## What the task asks
Quote the entries below from the line with "Definition Phi_inv_prod (y" through the line with "Definition Psi (f", both ends included, and only those lines.

## Exercise data
________

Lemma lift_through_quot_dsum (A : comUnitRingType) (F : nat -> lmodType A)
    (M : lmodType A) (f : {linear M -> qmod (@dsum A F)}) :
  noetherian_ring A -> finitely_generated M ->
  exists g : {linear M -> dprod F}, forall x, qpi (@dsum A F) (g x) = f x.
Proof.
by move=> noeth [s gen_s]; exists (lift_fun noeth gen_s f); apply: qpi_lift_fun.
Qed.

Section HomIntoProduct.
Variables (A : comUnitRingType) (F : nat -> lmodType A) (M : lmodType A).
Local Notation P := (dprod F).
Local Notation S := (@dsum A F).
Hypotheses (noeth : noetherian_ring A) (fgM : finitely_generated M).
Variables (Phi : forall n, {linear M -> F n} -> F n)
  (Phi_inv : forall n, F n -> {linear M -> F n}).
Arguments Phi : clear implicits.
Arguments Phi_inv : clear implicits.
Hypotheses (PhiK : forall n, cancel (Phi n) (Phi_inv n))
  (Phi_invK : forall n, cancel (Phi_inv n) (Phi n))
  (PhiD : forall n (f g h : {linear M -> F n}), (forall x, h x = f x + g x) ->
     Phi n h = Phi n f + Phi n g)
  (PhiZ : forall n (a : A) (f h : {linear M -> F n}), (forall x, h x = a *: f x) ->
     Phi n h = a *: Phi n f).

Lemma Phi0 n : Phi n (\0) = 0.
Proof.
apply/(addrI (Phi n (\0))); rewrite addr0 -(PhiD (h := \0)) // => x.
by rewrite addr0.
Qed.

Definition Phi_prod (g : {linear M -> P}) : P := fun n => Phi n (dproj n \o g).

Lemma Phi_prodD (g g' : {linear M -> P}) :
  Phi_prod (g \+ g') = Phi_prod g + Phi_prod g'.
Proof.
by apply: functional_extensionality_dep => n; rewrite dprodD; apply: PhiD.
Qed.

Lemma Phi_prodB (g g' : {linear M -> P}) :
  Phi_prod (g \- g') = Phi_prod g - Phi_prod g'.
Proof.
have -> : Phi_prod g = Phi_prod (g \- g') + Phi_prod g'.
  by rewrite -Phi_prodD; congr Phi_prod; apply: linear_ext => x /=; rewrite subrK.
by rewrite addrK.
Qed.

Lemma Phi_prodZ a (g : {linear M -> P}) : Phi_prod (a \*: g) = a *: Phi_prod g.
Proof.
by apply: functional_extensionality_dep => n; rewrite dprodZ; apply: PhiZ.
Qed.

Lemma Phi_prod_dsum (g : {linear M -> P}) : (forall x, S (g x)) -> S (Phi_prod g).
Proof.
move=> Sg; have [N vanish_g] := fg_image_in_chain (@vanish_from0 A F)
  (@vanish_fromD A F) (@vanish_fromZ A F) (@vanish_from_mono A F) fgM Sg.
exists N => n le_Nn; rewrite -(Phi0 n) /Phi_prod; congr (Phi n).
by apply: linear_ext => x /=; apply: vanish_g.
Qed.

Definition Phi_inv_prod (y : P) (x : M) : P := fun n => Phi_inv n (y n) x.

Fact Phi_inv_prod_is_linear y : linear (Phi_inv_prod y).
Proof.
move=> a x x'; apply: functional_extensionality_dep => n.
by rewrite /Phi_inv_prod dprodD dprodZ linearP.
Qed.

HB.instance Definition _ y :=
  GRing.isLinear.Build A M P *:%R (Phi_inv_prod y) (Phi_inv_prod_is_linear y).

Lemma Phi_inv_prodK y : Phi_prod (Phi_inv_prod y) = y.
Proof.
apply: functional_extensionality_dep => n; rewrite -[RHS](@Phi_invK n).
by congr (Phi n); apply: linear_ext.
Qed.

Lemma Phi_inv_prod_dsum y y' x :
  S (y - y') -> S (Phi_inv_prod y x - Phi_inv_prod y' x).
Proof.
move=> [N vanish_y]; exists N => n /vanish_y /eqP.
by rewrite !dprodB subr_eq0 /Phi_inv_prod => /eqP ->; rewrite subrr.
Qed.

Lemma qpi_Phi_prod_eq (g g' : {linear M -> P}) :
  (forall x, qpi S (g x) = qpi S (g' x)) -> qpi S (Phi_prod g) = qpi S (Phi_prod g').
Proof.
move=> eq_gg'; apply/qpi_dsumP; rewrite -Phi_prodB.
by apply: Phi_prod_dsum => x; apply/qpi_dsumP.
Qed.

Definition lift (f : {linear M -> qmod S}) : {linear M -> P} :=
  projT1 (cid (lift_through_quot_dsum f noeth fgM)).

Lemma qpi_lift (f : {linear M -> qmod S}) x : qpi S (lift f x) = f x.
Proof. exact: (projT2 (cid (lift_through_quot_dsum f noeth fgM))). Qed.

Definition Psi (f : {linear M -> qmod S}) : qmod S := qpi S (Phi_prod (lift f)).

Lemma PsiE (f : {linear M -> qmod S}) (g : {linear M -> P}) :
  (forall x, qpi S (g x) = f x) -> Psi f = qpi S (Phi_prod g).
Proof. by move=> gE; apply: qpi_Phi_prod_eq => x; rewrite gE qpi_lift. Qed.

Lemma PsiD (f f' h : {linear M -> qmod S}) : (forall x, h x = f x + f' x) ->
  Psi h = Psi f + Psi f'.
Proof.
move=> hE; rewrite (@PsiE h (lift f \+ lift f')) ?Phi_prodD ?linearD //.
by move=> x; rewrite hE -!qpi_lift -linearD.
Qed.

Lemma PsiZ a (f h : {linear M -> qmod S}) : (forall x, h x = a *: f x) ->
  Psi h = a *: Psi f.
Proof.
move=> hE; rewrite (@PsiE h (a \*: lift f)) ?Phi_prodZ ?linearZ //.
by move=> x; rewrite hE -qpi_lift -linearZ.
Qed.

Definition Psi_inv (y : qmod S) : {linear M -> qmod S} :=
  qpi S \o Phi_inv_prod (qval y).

________

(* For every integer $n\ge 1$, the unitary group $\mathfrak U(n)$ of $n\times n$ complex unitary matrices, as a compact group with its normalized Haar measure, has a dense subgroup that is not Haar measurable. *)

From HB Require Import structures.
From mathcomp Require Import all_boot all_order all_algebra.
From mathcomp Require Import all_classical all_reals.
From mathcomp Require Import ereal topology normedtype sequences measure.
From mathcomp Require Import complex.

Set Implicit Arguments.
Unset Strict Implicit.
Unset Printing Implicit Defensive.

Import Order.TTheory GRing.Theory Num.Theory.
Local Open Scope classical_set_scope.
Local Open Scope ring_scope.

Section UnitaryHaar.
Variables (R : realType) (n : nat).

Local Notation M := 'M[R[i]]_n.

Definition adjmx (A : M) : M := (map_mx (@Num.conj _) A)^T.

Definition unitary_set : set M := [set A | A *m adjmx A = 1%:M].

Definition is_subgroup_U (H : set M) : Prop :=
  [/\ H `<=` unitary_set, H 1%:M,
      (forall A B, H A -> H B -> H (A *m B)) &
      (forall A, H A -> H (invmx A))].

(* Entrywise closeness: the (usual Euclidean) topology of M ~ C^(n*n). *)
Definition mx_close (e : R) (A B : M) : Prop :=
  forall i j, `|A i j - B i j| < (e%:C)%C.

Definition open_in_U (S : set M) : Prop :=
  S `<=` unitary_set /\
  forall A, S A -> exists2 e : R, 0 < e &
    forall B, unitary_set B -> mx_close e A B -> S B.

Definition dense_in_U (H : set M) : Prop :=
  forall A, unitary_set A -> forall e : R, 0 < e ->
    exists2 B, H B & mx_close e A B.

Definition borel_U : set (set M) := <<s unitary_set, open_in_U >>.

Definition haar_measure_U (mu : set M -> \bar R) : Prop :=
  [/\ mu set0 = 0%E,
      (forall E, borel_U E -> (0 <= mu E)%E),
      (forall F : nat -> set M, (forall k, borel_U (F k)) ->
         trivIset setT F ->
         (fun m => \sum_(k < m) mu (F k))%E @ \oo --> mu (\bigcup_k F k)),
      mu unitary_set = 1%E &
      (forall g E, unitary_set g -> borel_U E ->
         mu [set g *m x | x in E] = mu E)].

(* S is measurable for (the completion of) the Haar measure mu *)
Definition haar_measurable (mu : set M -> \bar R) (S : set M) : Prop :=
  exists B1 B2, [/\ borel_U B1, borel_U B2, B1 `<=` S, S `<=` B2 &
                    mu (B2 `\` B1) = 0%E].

________

## Reply
Definition Phi_inv_prod (y : P) (x : M) : P := fun n => Phi_inv n (y n) x.

Fact Phi_inv_prod_is_linear y : linear (Phi_inv_prod y).
Proof.
move=> a x x'; apply: functional_extensionality_dep => n.
by rewrite /Phi_inv_prod dprodD dprodZ linearP.
Qed.

HB.instance Definition _ y :=
  GRing.isLinear.Build A M P *:%R (Phi_inv_prod y) (Phi_inv_prod_is_linear y).

Lemma Phi_inv_prodK y : Phi_prod (Phi_inv_prod y) = y.
Proof.
apply: functional_extensionality_dep => n; rewrite -[RHS](@Phi_invK n).
by congr (Phi n); apply: linear_ext.
Qed.

Lemma Phi_inv_prod_dsum y y' x :
  S (y - y') -> S (Phi_inv_prod y x - Phi_inv_prod y' x).
Proof.
move=> [N vanish_y]; exists N => n /vanish_y /eqP.
by rewrite !dprodB subr_eq0 /Phi_inv_prod => /eqP ->; rewrite subrr.
Qed.

Lemma qpi_Phi_prod_eq (g g' : {linear M -> P}) :
  (forall x, qpi S (g x) = qpi S (g' x)) -> qpi S (Phi_prod g) = qpi S (Phi_prod g').
Proof.
move=> eq_gg'; apply/qpi_dsumP; rewrite -Phi_prodB.
by apply: Phi_prod_dsum => x; apply/qpi_dsumP.
Qed.

Definition lift (f : {linear M -> qmod S}) : {linear M -> P} :=
  projT1 (cid (lift_through_quot_dsum f noeth fgM)).

Lemma qpi_lift (f : {linear M -> qmod S}) x : qpi S (lift f x) = f x.
Proof. exact: (projT2 (cid (lift_through_quot_dsum f noeth fgM))). Qed.

Definition Psi (f : {linear M -> qmod S}) : qmod S := qpi S (Phi_prod (lift f)).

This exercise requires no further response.